§ **Record set**
____
(* Let $K$ be a reversible substochastic kernel on a finite probability space $(E,\rho)$, and let $\delta=\rho(1-K1)$. Assume that for all nonnegative $f$, $\operatorname{Ent}_\rho(f^2)\le A\,\mathcal E^\rho_K(f,f)$. Let $T_t=e^{t(K-I)}$ and $u_t=T_tu_0$ for any $u_0\ge0$. Then for all $t\ge0$, \[ H_\rho(u_t)\le e^{-t/A}H_\rho(u_0)+A\delta\,\rho(u_0)(1-e^{-t/A}). \]
   Context: A substochastic kernel is a nonnegative kernel with row sums at most one; reversible means $\rho(x)K(x,y)=\rho(y)K(y,x)$. $\mathcal E^\rho_K(f,f)=\langle f,(I-K)f\rangle_\rho$. $\operatorname{Ent}_\rho(f^2)=\rho(f^2\log f^2)-\rho(f^2)\log\rho(f^2)$. For nonnegative $u$, $H_\rho(u)=\rho\left[u\log\frac{u}{\rho(u)}\right]$ with the convention $0\log0=0$. $1$ denotes the constant function. *)

From HB Require Import structures.
From mathcomp Require Import all_boot all_order all_algebra.
From mathcomp Require Import all_classical all_reals all_analysis.
Set Implicit Arguments. Unset Strict Implicit. Unset Printing Implicit Defensive.
Import Order.TTheory GRing.Theory Num.Theory numFieldNormedType.Exports.
Local Open Scope ring_scope.

Section Defs.
Variables (R : realType) (E : finType).

Definition expect (rho f : E -> R) : R := \sum_(x : E) rho x * f x.

Definition prob (rho : E -> R) : Prop :=
  (forall x, 0 <= rho x) /\ \sum_(x : E) rho x = 1.

Definition substochastic (K : E -> E -> R) : Prop :=
  (forall x y, 0 <= K x y) /\ (forall x, \sum_(y : E) K x y <= 1).

Definition reversible (rho : E -> R) (K : E -> E -> R) : Prop :=
  forall x y, rho x * K x y = rho y * K y x.

Definition kapply (K : E -> E -> R) (f : E -> R) : E -> R :=
  fun x => \sum_(y : E) K x y * f y.

Definition dirichlet (rho : E -> R) (K : E -> E -> R) (f : E -> R) : R :=
  expect rho (fun x => f x * (f x - kapply K f x)).

Definition xlnx (s : R) : R := if s == 0 then 0 else s * ln s.

(* Ent_rho(g) = rho(g log g) - rho(g) log rho(g); used with g = f^2 *)
Definition Ent (rho g : E -> R) : R :=
  expect rho (fun x => xlnx (g x)) - xlnx (expect rho g).

Definition Hent (rho u : E -> R) : R :=
  expect rho (fun x => if u x == 0 then 0 else u x * ln (u x / expect rho u)).

Definition gen (K : E -> E -> R) (f : E -> R) : E -> R :=
  fun x => kapply K f x - f x.

Definition semigroup (K : E -> E -> R) (t : R) (u : E -> R) : E -> R :=
  fun x => limn (series (fun k : nat => t ^+ k / (k`!)%:R * iter k (gen K) u x)).

Definition defect (rho : E -> R) (K : E -> E -> R) : R :=
  expect rho (fun x => 1 - kapply K (fun _ => 1) x).

End Defs.

(* Along the flow, [H(u_s) = Ent(u_s)] has derivative [rho((K - I) u_s * ln (u_s / rho u_s))].
   Writing [u_s = rho(u_s) a^2], reversibility and [(a - b)^2 <= (a^2 - b^2)(ln a^2 - ln b^2)]
   bound it by [rho(u_s) (delta - E(a, a))], and the log-Sobolev inequality turns [- E(a, a)]
   into [- H(u_s) / (A rho(u_s))].  As the mass [rho(u_s)] is nonincreasing,
   [H' <= - H / A + delta rho(u_0)], which integrates to the claim.  The semigroup is the
   exponential series of [K - I]; it equals [e^{-t} e^{tK}] and so preserves positivity.
   Differentiating [u ln u] needs [u_0 > 0]; the general case follows by continuity,
   replacing [u_0] with [u_0 + e]. *)

From HB Require Import structures.
From mathcomp Require Import all_boot all_order all_algebra.
From mathcomp Require Import all_classical all_reals all_analysis.
From mathcomp Require Import ring lra.
Import Order.TTheory GRing.Theory Num.Theory numFieldNormedType.Exports.

Set Implicit Arguments. Unset Strict Implicit. Unset Printing Implicit Defensive.
Local Open Scope classical_set_scope.
Local Open Scope ring_scope.

Section RealFacts.
Variable R : realType.
Implicit Types (f g F dF : R -> R) (s t v w x : R).

Lemma is_deriveM_fun f g s df dg : is_derive s 1 f df -> is_derive s 1 g dg ->
  is_derive s 1 (fun r => f r * g r) (f s * dg + g s * df).
Proof. by move=> hf hg; have := is_deriveM hf hg. Qed.

Lemma is_deriveB_fun f g s df dg : is_derive s 1 f df -> is_derive s 1 g dg ->
  is_derive s 1 (fun r => f r - g r) (df - dg).
Proof. by move=> hf hg; have := is_deriveB hf hg. Qed.
Lemma measurable_open (U : set G) : open U -> d.-measurable U.
Proof. by case: HG => _ _ _ _ ->; exact: sub_sigma_algebra. Qed.

Lemma measurable_compact (K : set G) : compact K -> d.-measurable K.
Proof.
case: HG => _ _ _ [hG _] _ cK; rewrite -(setCK K); apply/measurableC/measurable_open.
by apply: closed_openC; exact: compact_closed.
Qed.

Lemma le_measure_compact (R : realType) (mu : {measure set G -> \bar R})
    (A B : set G) :
  compact A -> compact B -> A `<=` B -> mu A <= mu B.
Proof.
move=> cA cB; apply: le_measure; rewrite in_setE; exact: measurable_compact.
Qed.

Lemma compact_setmul (A B : set G) : compact A -> compact B -> compact (setmul mul A B).
Proof.
case: HG => _ _ [cmul _] _ _ cA cB.
have -> : setmul mul A B = [set mul p.1 p.2 | p in A `*` B].
  apply/seteqP; split=> z; first by case=> a Aa [b Bb ->]; exists (a, b).
  by case=> -[a b] [/= Aa Bb] <-; exists a => //; exists b.
by apply: continuous_compact; [exact: continuous_subspaceT | exact: compact_setX].
Qed.

Lemma rshift_setmul1 (A : set G) x : Defs.rshift mul A x = setmul mul A [set x].
Proof.
apply/seteqP; split=> z; first by case=> a Aa <-; exists a => //; exists x.
by case=> a Aa [b -> ->]; exists a.
Qed.

Lemma lshift_set1mul x (A : set G) : Defs.lshift mul x A = setmul mul [set x] A.
Proof.
apply/seteqP; split=> z; first by case=> a Aa <-; exists x => //; exists a.
by case=> _ -> [a Aa ->]; exists a.
Qed.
____
§ **Action item**
From the records above, give again exactly the lines running from the line with "Definition prob (rho" to the line with "Definition Hent (rho", inclusive.

§ **Output below**
Definition prob (rho : E -> R) : Prop :=
  (forall x, 0 <= rho x) /\ \sum_(x : E) rho x = 1.

Definition substochastic (K : E -> E -> R) : Prop :=
  (forall x y, 0 <= K x y) /\ (forall x, \sum_(y : E) K x y <= 1).

Definition reversible (rho : E -> R) (K : E -> E -> R) : Prop :=
  forall x y, rho x * K x y = rho y * K y x.

Definition kapply (K : E -> E -> R) (f : E -> R) : E -> R :=
  fun x => \sum_(y : E) K x y * f y.

Definition dirichlet (rho : E -> R) (K : E -> E -> R) (f : E -> R) : R :=
  expect rho (fun x => f x * (f x - kapply K f x)).

Definition xlnx (s : R) : R := if s == 0 then 0 else s * ln s.

(* Ent_rho(g) = rho(g log g) - rho(g) log rho(g); used with g = f^2 *)
Definition Ent (rho g : E -> R) : R :=
  expect rho (fun x => xlnx (g x)) - xlnx (expect rho g).

Definition Hent (rho u : E -> R) : R :=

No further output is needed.